(* Let $\mathcal G$ be a Petri game with one system player whose underlying net is finite and bounded. If Player~0 has a winning strategy in $\mathit{Graph}(\mathcal G)$, then Player~0 has a winning strategy in $\mathit{Graph}'(\mathcal G)$.
   Context: Petri nets. A Petri net is a tuple $\mathcal N=(\mathcal P,\mathcal T,\mathcal F,\mathit{In})$ where the set of places $\mathcal P$ and the set of transitions $\mathcal T$ are disjoint, the flow relation $\mathcal F$ is a multiset over $(\mathcal P\times\mathcal T)\cup(\mathcal T\times\mathcal P)$, and the initial marking $\mathit{In}$ is a finite multiset over $\mathcal P$. For a node $x$, the precondition ${}^\bullet x$ is the multiset with ${}^\bullet x(y)=\mathcal F(y,x)$ and the postcondition $x^\bullet$ is the multiset with $x^\bullet(y)=\mathcal F(x,y)$; every transition $t$ must satisfy $0<|{}^\bullet t|<\infty$ and $0<|t^\bullet|<\infty$. A marking is a finite multiset over $\mathcal P$. A transition $t$ is enabled in a marking $M$ if ${}^\bullet t\subseteq M$ (multiset inclusion); firing it yields $M'=M-{}^\bullet t+t^\bullet$, written $M\xrightarrow{t}M'$. A marking is reachable if it is obtained from $\mathit{In}$ by firing a finite sequence of transitions; $\mathcal R(\mathcal N)$ denotes the set of reachable markings. $\mathcal N$ is finite if $\mathcal P\cup\mathcal T$ is finite, $k$-bounded if $M(p)\le k$ for all $M\in\mathcal R(\mathcal N)$ and places $p$, bounded if $k$-bounded for some $k$. Multiset difference is truncated at $0$; $+$ is multiset sum. Petri games. A Petri game is $\mathcal G=(\mathcal P_S,\mathcal P_E,\mathcal T,\mathcal F,\mathit{In},\mathcal B)$ where $\mathcal P_S$ (system places) and $\mathcal P_E$ (environment places) are disjoint, $\mathcal N=(\mathcal P_S\cup\mathcal P_E,\mathcal T,\mathcal F,\mathit{In})$ is a finite Petri net (the underlying net) and $\mathcal B$ is a set of markings (bad markings). A transition $t$ is purely environmental if ${}^\bullet t\subseteq\mathcal P_E$, otherwise it is a system transition. $\mathcal G$ has one system player if every $M\in\mathcal R(\mathcal N)$ contains exactly one token on system places; that place is denoted $s_M$, and $s_M^\bullet$ is the set of transitions having $s_M$ in their precondition. Graph games. A graph game $(\mathcal V_0,\mathcal V_1,\mathcal I,\mathcal E,\mathcal X)$ has disjoint vertex sets $\mathcal V_0,\mathcal V_1$ (of Players 0 and 1), initial vertex $\mathcal I$, edge relation $\mathcal E$ and bad vertices $\mathcal X$. A play is a maximal (finite or infinite) sequence $v_0v_1\dots$ with $v_0=\mathcal I$ and $(v_i,v_{i+1})\in\mathcal E$; it is won by Player~0 if no $v_i\in\mathcal X$. A strategy for Player~0 is a vertex-labeled tree whose root is labeled $\mathcal I$, where a node labeled with a $\mathcal V_1$ vertex has one child for each successor vertex and a node labeled with a $\mathcal V_0$ vertex having a successor has exactly one child labeled with one successor; it is winning if all maximal paths are labeled with plays won by Player~0. The game $\mathit{Graph}(\mathcal G)$: $\mathcal V_0=\{(M,\top)\mid M\in\mathcal R(\mathcal N)\}$, $\mathcal V_1=\{(M,c)\mid M\in\mathcal R(\mathcal N),\,c\subseteq s_M^\bullet\}$, $\mathcal I=(\mathit{In},\top)$. Edges: (E1) $(M,\top)\to(M,c)$ for every $c\subseteq s_M^\bullet$; (E2) $(M,c)\to(M',c)$ whenever some purely environmental $\mathbf t$ satisfies $M\xrightarrow{\mathbf t}M'$; (E3) $(M,c)\to(M',\top)$ whenever some system transition $\mathbf t\in c$ satisfies $M\xrightarrow{\mathbf t}M'$. Bad vertices: all $(M,c)\in\mathcal V_1$ such that (X1) $M\in\mathcal B$; or (X2a) two distinct transitions of $c$ are enabled in $M$; or (X2b) some $\mathbf t\in c$ is enabled in $M$ and $0<{}^\bullet\mathbf t(p)<M(p)$ for some place $p$; or (X3) some transition is enabled in $M$, every transition enabled in $M$ is a system transition, and no transition enabled in $M$ lies in $c$. The game $\mathit{Graph}'(\mathcal G)$: $\mathcal V'_0=\{(M,\top,\{s_M\})\mid M\in\mathcal R(\mathcal N)\}$, $\mathcal V'_1=\{(M,c,R)\mid M\in\mathcal R(\mathcal N),\,c\subseteq s_M^\bullet,\,R$ a multiset with $s_M\in R\subseteq M\}$, $\mathcal I'=(\mathit{In},\top,\{s_{\mathit{In}}\})$. Edges: (E'1) $(M,\top,\{s_M\})\to(M,c,\{s_M\})$ for every $c\subseteq s_M^\bullet$; (E'2) $(M,c,R)\to(M',c,R')$ whenever some purely environmental $\mathbf t$ satisfies $M\xrightarrow{\mathbf t}M'$ and $R'=R-{}^\bullet\mathbf t+\{o\}$ for some place $o\in\mathbf t^\bullet$; (E'3) $(M,c,R)\to(M',\top,\{s_{M'}\})$ whenever some system transition $\mathbf t\in c$ satisfies $M\xrightarrow{\mathbf t}M'$ and $R\subseteq{}^\bullet\mathbf t$. Bad vertices: all $(M,c,R)\in\mathcal V'_1$ such that $(M,c)$ satisfies one of the conditions (X1), (X2a), (X2b), (X3) above. *)

From mathcomp Require Import all_boot.
Set Implicit Arguments. Unset Strict Implicit. Unset Printing Implicit Defensive.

━━━━━━━━━━

**What you should do**: Leaving no line out, return the data above verbatim.

**Written response**:
(* Let $\mathcal G$ be a Petri game with one system player whose underlying net is finite and bounded. If Player~0 has a winning strategy in $\mathit{Graph}(\mathcal G)$, then Player~0 has a winning strategy in $\mathit{Graph}'(\mathcal G)$.
   Context: Petri nets. A Petri net is a tuple $\mathcal N=(\mathcal P,\mathcal T,\mathcal F,\mathit{In})$ where the set of places $\mathcal P$ and the set of transitions $\mathcal T$ are disjoint, the flow relation $\mathcal F$ is a multiset over $(\mathcal P\times\mathcal T)\cup(\mathcal T\times\mathcal P)$, and the initial marking $\mathit{In}$ is a finite multiset over $\mathcal P$. For a node $x$, the precondition ${}^\bullet x$ is the multiset with ${}^\bullet x(y)=\mathcal F(y,x)$ and the postcondition $x^\bullet$ is the multiset with $x^\bullet(y)=\mathcal F(x,y)$; every transition $t$ must satisfy $0<|{}^\bullet t|<\infty$ and $0<|t^\bullet|<\infty$. A marking is a finite multiset over $\mathcal P$. A transition $t$ is enabled in a marking $M$ if ${}^\bullet t\subseteq M$ (multiset inclusion); firing it yields $M'=M-{}^\bullet t+t^\bullet$, written $M\xrightarrow{t}M'$. A marking is reachable if it is obtained from $\mathit{In}$ by firing a finite sequence of transitions; $\mathcal R(\mathcal N)$ denotes the set of reachable markings. $\mathcal N$ is finite if $\mathcal P\cup\mathcal T$ is finite, $k$-bounded if $M(p)\le k$ for all $M\in\mathcal R(\mathcal N)$ and places $p$, bounded if $k$-bounded for some $k$. Multiset difference is truncated at $0$; $+$ is multiset sum. Petri games. A Petri game is $\mathcal G=(\mathcal P_S,\mathcal P_E,\mathcal T,\mathcal F,\mathit{In},\mathcal B)$ where $\mathcal P_S$ (system places) and $\mathcal P_E$ (environment places) are disjoint, $\mathcal N=(\mathcal P_S\cup\mathcal P_E,\mathcal T,\mathcal F,\mathit{In})$ is a finite Petri net (the underlying net) and $\mathcal B$ is a set of markings (bad markings). A transition $t$ is purely environmental if ${}^\bullet t\subseteq\mathcal P_E$, otherwise it is a system transition. $\mathcal G$ has one system player if every $M\in\mathcal R(\mathcal N)$ contains exactly one token on system places; that place is denoted $s_M$, and $s_M^\bullet$ is the set of transitions having $s_M$ in their precondition. Graph games. A graph game $(\mathcal V_0,\mathcal V_1,\mathcal I,\mathcal E,\mathcal X)$ has disjoint vertex sets $\mathcal V_0,\mathcal V_1$ (of Players 0 and 1), initial vertex $\mathcal I$, edge relation $\mathcal E$ and bad vertices $\mathcal X$. A play is a maximal (finite or infinite) sequence $v_0v_1\dots$ with $v_0=\mathcal I$ and $(v_i,v_{i+1})\in\mathcal E$; it is won by Player~0 if no $v_i\in\mathcal X$. A strategy for Player~0 is a vertex-labeled tree whose root is labeled $\mathcal I$, where a node labeled with a $\mathcal V_1$ vertex has one child for each successor vertex and a node labeled with a $\mathcal V_0$ vertex having a successor has exactly one child labeled with one successor; it is winning if all maximal paths are labeled with plays won by Player~0. The game $\mathit{Graph}(\mathcal G)$: $\mathcal V_0=\{(M,\top)\mid M\in\mathcal R(\mathcal N)\}$, $\mathcal V_1=\{(M,c)\mid M\in\mathcal R(\mathcal N),\,c\subseteq s_M^\bullet\}$, $\mathcal I=(\mathit{In},\top)$. Edges: (E1) $(M,\top)\to(M,c)$ for every $c\subseteq s_M^\bullet$; (E2) $(M,c)\to(M',c)$ whenever some purely environmental $\mathbf t$ satisfies $M\xrightarrow{\mathbf t}M'$; (E3) $(M,c)\to(M',\top)$ whenever some system transition $\mathbf t\in c$ satisfies $M\xrightarrow{\mathbf t}M'$. Bad vertices: all $(M,c)\in\mathcal V_1$ such that (X1) $M\in\mathcal B$; or (X2a) two distinct transitions of $c$ are enabled in $M$; or (X2b) some $\mathbf t\in c$ is enabled in $M$ and $0<{}^\bullet\mathbf t(p)<M(p)$ for some place $p$; or (X3) some transition is enabled in $M$, every transition enabled in $M$ is a system transition, and no transition enabled in $M$ lies in $c$. The game $\mathit{Graph}'(\mathcal G)$: $\mathcal V'_0=\{(M,\top,\{s_M\})\mid M\in\mathcal R(\mathcal N)\}$, $\mathcal V'_1=\{(M,c,R)\mid M\in\mathcal R(\mathcal N),\,c\subseteq s_M^\bullet,\,R$ a multiset with $s_M\in R\subseteq M\}$, $\mathcal I'=(\mathit{In},\top,\{s_{\mathit{In}}\})$. Edges: (E'1) $(M,\top,\{s_M\})\to(M,c,\{s_M\})$ for every $c\subseteq s_M^\bullet$; (E'2) $(M,c,R)\to(M',c,R')$ whenever some purely environmental $\mathbf t$ satisfies $M\xrightarrow{\mathbf t}M'$ and $R'=R-{}^\bullet\mathbf t+\{o\}$ for some place $o\in\mathbf t^\bullet$; (E'3) $(M,c,R)\to(M',\top,\{s_{M'}\})$ whenever some system transition $\mathbf t\in c$ satisfies $M\xrightarrow{\mathbf t}M'$ and $R\subseteq{}^\bullet\mathbf t$. Bad vertices: all $(M,c,R)\in\mathcal V'_1$ such that $(M,c)$ satisfies one of the conditions (X1), (X2a), (X2b), (X3) above. *)

From mathcomp Require Import all_boot.
Set Implicit Arguments. Unset Strict Implicit. Unset Printing Implicit Defensive.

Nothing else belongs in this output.